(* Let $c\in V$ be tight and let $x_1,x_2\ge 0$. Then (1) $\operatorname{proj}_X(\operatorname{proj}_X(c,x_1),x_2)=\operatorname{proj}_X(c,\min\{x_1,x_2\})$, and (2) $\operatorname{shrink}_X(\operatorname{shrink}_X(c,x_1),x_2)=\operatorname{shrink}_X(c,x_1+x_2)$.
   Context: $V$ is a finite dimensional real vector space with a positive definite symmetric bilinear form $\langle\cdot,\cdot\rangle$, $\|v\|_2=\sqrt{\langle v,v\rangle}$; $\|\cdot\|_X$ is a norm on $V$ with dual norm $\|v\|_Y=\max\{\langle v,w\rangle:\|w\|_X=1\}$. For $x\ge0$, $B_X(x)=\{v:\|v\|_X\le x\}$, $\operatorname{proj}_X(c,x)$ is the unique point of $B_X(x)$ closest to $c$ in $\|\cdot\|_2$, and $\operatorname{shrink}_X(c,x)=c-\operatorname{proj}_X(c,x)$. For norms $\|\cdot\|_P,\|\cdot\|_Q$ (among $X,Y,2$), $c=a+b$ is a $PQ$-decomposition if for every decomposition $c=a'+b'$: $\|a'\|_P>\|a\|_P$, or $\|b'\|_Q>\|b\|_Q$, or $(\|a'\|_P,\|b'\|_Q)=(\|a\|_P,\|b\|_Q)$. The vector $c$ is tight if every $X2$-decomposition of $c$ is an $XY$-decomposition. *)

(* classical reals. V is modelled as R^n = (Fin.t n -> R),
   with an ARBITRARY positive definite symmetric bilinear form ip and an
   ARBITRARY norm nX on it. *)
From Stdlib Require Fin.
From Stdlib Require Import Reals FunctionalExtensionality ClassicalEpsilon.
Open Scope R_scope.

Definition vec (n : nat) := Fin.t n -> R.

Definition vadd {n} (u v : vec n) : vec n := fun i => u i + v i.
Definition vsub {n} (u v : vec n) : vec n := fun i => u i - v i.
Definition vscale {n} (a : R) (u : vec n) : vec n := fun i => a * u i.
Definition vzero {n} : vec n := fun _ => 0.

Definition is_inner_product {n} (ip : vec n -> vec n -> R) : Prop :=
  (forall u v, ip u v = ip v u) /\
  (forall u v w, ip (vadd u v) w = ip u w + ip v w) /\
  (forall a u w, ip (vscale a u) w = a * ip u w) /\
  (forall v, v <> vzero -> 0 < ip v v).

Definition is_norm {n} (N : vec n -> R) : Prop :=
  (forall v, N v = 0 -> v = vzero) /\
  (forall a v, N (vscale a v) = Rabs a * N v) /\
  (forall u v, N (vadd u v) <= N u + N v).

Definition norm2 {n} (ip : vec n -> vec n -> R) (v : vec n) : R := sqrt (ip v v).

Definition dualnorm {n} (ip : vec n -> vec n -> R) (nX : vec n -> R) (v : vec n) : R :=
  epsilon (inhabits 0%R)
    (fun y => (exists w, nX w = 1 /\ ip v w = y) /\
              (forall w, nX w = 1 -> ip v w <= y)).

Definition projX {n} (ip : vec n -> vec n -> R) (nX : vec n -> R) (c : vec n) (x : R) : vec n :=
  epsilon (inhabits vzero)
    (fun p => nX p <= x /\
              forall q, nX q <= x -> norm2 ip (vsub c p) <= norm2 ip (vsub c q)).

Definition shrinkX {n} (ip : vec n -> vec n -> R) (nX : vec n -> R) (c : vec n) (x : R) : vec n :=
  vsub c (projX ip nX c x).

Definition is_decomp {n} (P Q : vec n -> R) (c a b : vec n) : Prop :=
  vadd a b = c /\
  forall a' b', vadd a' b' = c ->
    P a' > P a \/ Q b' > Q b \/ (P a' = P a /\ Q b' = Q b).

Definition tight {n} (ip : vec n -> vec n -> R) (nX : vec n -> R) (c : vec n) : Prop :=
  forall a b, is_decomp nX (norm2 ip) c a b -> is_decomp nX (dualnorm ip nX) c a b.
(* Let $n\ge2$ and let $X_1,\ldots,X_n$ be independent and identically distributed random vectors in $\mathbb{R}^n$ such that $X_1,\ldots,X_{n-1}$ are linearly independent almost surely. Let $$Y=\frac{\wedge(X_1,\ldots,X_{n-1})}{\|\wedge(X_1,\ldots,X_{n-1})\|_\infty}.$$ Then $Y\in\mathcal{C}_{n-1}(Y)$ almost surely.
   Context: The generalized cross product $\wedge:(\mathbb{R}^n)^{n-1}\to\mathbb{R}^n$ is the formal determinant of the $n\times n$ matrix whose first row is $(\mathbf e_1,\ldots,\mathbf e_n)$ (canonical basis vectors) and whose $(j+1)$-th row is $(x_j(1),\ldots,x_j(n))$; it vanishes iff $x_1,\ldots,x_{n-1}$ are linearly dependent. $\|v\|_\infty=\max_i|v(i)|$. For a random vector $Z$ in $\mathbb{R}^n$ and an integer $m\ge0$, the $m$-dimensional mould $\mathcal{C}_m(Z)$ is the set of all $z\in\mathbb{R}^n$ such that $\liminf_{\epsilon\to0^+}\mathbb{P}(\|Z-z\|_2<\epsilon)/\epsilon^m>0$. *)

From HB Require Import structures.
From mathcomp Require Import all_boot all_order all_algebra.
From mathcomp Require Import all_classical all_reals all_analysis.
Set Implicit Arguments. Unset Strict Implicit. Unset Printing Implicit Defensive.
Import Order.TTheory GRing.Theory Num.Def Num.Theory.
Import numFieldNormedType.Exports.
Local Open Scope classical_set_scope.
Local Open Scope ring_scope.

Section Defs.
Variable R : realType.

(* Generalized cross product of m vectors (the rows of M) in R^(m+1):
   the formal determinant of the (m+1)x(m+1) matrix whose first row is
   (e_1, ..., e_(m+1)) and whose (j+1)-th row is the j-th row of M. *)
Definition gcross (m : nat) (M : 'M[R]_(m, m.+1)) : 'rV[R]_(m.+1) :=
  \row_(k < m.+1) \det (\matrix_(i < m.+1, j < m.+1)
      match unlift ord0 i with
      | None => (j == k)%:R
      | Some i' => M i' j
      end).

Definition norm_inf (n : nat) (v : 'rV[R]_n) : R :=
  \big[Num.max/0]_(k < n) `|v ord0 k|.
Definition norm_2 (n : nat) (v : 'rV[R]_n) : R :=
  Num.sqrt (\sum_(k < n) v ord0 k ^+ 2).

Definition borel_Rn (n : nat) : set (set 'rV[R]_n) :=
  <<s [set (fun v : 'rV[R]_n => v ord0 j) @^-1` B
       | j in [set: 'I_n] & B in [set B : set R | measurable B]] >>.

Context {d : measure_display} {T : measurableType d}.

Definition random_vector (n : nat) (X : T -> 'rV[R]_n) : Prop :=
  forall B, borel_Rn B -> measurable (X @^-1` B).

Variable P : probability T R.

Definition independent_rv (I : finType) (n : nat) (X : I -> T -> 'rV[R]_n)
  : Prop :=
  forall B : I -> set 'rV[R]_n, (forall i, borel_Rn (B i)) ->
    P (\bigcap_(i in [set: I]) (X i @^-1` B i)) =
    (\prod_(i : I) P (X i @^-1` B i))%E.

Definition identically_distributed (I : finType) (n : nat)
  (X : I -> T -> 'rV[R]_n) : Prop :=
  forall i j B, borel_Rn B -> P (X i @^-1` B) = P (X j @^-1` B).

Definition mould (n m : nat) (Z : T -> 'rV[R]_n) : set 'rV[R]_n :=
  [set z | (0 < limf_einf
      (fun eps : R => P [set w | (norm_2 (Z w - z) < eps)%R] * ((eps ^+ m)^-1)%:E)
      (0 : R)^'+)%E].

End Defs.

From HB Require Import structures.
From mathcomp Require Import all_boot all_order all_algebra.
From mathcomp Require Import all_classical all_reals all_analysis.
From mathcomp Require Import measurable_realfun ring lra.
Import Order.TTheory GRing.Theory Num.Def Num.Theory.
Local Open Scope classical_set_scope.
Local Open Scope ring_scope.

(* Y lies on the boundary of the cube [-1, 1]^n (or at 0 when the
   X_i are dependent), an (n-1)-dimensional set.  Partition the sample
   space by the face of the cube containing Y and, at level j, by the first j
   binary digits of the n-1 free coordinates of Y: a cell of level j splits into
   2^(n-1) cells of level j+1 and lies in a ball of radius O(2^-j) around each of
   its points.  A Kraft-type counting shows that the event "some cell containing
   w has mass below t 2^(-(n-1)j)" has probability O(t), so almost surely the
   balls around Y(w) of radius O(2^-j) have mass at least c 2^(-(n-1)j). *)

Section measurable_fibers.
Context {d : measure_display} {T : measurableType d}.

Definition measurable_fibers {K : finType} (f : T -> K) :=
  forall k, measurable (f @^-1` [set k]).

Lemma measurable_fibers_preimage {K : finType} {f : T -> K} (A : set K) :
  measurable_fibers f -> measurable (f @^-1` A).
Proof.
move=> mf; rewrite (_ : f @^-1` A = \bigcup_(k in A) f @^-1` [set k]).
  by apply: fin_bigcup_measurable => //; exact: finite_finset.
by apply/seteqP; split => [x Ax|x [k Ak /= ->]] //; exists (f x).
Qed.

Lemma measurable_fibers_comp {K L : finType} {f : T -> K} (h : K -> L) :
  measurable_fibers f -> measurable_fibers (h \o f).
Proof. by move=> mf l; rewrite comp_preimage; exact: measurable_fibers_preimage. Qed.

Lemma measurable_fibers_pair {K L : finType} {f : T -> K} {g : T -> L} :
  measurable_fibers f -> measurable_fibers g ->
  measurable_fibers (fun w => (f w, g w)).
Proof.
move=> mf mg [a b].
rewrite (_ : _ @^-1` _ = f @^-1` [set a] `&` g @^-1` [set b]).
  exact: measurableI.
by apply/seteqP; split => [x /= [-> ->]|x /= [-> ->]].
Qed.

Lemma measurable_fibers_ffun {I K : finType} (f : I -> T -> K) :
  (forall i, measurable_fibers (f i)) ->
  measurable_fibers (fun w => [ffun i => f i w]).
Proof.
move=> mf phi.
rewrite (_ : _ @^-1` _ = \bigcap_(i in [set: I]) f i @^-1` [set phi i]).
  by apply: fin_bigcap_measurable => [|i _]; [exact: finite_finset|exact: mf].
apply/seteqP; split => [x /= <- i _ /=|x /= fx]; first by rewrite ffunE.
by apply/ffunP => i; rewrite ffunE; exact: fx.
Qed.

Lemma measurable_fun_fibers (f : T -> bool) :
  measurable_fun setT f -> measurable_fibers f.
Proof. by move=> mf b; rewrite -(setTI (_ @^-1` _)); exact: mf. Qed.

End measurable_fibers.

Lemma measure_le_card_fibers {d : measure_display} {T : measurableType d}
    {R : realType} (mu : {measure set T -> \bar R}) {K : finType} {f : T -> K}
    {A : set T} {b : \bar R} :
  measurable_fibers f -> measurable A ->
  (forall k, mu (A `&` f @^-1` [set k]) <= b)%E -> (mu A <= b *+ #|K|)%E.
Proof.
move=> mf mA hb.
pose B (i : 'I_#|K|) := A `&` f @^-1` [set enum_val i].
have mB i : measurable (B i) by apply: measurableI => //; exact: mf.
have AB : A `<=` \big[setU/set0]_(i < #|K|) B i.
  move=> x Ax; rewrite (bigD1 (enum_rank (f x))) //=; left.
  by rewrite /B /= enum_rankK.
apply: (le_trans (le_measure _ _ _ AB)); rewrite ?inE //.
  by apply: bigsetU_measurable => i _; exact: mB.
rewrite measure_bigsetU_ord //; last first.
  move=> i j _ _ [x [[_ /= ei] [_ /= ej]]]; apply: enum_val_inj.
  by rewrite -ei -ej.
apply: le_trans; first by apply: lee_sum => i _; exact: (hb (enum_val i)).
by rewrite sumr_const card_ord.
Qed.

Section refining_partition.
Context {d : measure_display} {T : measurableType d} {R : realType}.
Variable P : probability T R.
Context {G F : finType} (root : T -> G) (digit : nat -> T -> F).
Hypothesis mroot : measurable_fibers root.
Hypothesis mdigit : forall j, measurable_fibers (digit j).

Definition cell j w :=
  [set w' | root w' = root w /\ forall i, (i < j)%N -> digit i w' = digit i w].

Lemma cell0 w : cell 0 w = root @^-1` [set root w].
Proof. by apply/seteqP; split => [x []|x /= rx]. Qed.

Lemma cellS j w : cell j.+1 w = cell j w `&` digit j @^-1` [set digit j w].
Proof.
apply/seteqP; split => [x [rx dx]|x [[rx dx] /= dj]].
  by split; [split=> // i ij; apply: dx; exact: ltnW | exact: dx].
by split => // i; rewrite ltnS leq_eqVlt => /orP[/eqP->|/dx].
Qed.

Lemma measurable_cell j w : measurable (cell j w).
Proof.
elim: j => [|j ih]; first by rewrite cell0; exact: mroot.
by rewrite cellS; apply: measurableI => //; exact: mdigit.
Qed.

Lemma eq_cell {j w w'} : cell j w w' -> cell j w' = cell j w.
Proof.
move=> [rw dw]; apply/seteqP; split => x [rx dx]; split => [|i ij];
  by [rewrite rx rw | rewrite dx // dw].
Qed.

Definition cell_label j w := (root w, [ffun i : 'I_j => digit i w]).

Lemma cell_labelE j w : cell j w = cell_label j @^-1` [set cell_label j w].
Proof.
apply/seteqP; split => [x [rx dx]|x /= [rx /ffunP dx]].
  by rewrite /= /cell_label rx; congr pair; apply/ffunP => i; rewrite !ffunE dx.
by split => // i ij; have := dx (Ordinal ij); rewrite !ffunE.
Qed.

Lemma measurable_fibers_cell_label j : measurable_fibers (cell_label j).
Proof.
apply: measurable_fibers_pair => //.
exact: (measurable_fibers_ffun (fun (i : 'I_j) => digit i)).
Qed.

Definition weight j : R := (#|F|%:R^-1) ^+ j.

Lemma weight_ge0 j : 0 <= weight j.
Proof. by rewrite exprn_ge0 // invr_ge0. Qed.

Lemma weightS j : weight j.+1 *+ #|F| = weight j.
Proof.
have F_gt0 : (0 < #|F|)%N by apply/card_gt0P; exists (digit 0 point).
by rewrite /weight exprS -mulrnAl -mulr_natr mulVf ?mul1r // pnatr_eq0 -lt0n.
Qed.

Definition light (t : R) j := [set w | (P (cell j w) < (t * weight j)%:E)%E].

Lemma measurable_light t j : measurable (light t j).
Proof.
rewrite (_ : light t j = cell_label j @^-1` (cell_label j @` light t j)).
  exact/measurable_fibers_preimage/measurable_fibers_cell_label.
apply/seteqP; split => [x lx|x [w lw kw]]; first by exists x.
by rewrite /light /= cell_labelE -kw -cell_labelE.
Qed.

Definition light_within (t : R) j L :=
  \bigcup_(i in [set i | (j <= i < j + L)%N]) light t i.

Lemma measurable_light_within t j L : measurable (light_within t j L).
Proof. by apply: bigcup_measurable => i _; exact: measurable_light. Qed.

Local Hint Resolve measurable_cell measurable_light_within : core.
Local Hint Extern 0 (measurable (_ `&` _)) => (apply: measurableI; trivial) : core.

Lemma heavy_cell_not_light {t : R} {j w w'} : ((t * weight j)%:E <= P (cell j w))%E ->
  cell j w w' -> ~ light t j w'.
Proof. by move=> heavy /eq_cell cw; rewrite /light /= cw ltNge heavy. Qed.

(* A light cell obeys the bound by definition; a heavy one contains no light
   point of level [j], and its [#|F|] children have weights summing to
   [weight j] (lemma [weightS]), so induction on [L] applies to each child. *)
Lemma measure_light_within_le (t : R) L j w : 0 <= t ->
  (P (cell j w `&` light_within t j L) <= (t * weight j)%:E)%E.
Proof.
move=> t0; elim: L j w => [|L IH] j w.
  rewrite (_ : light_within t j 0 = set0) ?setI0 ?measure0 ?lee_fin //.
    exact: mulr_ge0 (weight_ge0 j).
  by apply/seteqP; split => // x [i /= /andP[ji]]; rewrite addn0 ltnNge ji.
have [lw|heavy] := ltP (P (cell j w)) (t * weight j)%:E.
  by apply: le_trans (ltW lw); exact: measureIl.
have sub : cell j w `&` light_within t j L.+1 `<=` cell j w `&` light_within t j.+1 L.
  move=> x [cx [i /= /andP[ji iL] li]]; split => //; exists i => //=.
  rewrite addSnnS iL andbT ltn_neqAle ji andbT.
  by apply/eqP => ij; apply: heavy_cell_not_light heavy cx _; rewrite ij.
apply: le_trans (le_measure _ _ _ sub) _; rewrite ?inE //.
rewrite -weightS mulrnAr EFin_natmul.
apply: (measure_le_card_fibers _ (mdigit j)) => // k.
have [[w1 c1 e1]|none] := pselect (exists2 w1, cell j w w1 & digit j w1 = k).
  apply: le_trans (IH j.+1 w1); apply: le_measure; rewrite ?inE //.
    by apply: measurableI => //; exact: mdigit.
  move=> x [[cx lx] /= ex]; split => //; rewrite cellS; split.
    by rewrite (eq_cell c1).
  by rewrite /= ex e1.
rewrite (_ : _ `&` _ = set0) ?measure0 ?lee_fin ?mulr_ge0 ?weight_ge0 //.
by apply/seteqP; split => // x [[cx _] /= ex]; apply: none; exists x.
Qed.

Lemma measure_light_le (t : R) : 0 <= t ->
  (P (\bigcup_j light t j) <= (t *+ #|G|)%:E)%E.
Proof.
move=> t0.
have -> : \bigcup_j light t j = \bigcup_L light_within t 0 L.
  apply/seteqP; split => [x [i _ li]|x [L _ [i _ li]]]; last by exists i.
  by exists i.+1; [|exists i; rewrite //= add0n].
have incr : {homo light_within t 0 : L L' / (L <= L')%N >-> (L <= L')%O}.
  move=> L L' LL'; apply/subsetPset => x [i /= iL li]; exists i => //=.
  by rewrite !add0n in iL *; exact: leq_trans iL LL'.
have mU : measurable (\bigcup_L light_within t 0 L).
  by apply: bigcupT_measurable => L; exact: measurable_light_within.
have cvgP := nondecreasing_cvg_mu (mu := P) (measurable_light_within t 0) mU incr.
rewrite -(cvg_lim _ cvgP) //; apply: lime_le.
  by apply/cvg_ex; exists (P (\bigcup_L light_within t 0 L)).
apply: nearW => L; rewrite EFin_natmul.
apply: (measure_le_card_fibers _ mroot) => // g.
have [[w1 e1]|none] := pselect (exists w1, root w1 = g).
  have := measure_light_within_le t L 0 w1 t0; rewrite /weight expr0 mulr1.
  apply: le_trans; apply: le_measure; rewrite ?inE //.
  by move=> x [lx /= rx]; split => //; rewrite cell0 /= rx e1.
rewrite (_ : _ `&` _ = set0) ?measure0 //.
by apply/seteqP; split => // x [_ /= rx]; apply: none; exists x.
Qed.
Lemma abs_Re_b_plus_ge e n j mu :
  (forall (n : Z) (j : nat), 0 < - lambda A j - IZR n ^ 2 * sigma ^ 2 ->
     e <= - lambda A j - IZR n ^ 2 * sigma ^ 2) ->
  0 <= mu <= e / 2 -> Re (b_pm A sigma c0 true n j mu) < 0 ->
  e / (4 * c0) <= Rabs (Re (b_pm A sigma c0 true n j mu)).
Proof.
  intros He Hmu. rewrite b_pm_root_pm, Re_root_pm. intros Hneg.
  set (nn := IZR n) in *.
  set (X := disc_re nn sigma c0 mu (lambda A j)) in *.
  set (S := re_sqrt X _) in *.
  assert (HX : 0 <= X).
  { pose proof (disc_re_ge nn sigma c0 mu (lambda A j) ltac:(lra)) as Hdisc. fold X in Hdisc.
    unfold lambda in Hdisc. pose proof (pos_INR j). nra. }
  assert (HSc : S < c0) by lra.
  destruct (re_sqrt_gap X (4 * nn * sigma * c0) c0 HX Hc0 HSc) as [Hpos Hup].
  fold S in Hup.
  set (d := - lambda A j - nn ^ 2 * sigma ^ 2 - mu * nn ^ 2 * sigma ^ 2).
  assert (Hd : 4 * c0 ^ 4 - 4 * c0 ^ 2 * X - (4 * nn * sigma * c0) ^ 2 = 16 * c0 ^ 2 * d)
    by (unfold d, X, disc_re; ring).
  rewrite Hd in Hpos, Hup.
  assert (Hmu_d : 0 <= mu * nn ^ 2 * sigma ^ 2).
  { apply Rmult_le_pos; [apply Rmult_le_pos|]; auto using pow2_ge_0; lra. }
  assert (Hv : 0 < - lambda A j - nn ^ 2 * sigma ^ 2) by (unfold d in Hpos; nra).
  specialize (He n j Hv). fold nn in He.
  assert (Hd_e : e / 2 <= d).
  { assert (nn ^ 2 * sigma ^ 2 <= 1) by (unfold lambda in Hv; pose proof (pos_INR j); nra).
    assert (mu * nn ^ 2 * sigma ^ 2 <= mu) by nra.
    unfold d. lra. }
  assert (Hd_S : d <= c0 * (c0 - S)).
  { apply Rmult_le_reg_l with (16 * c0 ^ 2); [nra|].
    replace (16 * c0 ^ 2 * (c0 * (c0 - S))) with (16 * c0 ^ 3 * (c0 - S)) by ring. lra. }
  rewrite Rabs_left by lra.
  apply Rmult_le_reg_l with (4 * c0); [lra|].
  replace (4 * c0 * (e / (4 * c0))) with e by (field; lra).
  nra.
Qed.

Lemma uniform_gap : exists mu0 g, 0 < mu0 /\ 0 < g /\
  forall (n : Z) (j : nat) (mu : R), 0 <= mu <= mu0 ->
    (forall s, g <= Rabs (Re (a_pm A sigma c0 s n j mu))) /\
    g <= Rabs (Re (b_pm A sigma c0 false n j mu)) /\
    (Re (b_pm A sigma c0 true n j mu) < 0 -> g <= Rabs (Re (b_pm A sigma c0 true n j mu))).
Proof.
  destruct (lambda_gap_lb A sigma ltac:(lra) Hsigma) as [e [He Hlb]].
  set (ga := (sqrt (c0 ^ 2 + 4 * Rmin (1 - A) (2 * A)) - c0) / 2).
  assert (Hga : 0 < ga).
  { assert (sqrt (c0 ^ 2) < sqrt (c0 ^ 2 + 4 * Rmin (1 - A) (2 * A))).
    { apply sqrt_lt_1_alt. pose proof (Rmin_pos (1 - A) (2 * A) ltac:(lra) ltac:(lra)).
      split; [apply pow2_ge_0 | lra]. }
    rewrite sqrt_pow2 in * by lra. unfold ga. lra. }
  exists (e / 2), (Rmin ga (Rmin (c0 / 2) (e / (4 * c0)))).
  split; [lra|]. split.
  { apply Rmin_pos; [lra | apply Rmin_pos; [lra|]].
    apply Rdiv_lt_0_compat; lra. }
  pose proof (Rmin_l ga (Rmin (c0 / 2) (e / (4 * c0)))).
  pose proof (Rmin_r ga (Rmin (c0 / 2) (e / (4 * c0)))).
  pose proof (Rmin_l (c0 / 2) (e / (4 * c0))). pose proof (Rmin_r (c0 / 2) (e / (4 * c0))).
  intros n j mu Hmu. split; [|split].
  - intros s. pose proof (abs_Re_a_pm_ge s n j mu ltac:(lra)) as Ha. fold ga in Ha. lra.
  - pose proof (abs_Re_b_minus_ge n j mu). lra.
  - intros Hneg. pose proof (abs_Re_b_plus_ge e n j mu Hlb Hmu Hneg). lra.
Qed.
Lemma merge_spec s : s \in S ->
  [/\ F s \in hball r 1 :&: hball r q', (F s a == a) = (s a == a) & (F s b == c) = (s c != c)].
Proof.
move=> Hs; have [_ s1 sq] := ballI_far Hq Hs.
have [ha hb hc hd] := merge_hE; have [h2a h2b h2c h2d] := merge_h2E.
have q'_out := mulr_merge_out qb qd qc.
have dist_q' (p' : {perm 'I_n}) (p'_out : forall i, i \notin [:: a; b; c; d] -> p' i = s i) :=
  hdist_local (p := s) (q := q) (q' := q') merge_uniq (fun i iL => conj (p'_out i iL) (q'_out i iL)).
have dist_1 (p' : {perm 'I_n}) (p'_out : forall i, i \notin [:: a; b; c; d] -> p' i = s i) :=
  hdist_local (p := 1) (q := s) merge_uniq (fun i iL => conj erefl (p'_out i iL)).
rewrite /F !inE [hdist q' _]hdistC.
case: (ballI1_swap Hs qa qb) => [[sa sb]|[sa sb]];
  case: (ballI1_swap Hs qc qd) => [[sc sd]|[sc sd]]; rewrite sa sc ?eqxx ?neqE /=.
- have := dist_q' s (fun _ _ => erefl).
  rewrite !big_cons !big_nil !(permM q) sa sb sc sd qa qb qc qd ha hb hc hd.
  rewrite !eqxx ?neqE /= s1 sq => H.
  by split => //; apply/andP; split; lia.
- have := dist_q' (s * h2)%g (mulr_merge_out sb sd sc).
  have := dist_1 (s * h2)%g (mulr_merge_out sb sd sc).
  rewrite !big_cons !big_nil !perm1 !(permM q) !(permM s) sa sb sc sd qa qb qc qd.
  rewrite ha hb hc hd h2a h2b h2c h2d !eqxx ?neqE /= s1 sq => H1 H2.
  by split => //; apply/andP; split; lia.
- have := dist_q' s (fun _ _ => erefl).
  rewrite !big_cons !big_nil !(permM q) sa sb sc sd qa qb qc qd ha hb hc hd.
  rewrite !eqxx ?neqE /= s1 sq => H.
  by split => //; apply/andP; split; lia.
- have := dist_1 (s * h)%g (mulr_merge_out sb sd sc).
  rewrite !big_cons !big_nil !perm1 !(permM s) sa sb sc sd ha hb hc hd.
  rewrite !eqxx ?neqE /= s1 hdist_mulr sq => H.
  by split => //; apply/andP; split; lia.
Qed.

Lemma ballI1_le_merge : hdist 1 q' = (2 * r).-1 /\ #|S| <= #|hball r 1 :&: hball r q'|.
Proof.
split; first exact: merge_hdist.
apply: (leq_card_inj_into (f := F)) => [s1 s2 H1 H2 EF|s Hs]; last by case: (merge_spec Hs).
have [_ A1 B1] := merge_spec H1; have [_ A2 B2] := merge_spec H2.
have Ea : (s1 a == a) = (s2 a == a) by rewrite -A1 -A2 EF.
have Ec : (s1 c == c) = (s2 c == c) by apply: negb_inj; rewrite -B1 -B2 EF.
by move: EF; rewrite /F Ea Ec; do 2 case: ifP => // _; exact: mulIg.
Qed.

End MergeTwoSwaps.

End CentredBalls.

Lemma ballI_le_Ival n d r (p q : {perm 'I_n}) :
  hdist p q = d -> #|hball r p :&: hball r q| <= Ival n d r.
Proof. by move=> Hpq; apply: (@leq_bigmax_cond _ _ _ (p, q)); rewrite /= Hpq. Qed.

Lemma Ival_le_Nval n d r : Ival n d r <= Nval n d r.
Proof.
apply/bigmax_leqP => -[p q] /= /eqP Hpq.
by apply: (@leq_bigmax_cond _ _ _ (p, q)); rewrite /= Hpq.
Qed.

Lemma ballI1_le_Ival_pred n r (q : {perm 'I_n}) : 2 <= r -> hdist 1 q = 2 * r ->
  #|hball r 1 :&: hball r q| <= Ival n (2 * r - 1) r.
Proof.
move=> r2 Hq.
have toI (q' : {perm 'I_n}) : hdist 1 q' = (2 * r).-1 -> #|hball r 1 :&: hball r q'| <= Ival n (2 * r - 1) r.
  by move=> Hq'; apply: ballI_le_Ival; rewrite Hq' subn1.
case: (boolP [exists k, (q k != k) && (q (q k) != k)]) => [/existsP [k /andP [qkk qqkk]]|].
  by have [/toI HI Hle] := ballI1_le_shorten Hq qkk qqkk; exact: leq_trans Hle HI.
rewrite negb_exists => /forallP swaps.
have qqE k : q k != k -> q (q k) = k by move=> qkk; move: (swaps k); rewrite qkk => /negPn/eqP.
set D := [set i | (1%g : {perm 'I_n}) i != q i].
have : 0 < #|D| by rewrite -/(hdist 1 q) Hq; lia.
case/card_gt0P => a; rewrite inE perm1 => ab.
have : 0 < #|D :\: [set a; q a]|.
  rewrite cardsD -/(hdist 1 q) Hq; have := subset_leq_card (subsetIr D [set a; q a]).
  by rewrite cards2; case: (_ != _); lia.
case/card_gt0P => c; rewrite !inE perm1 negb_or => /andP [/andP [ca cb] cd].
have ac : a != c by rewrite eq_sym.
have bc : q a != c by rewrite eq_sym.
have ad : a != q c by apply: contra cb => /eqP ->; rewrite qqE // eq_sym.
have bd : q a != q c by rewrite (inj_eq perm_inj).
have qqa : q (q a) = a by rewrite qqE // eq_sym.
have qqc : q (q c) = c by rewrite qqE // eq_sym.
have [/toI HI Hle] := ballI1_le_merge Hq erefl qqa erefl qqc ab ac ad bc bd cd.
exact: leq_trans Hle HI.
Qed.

★ ★ ★ ★ ★ ★ ★

TASK REQUIREMENTS. Read through the entries above, and wherever a line holds the string "vzero", copy it.

YOUR RESPONSE.
Definition vzero {n} : vec n := fun _ => 0.
  (forall v, v <> vzero -> 0 < ip v v).
  (forall v, N v = 0 -> v = vzero) /\
  epsilon (inhabits vzero)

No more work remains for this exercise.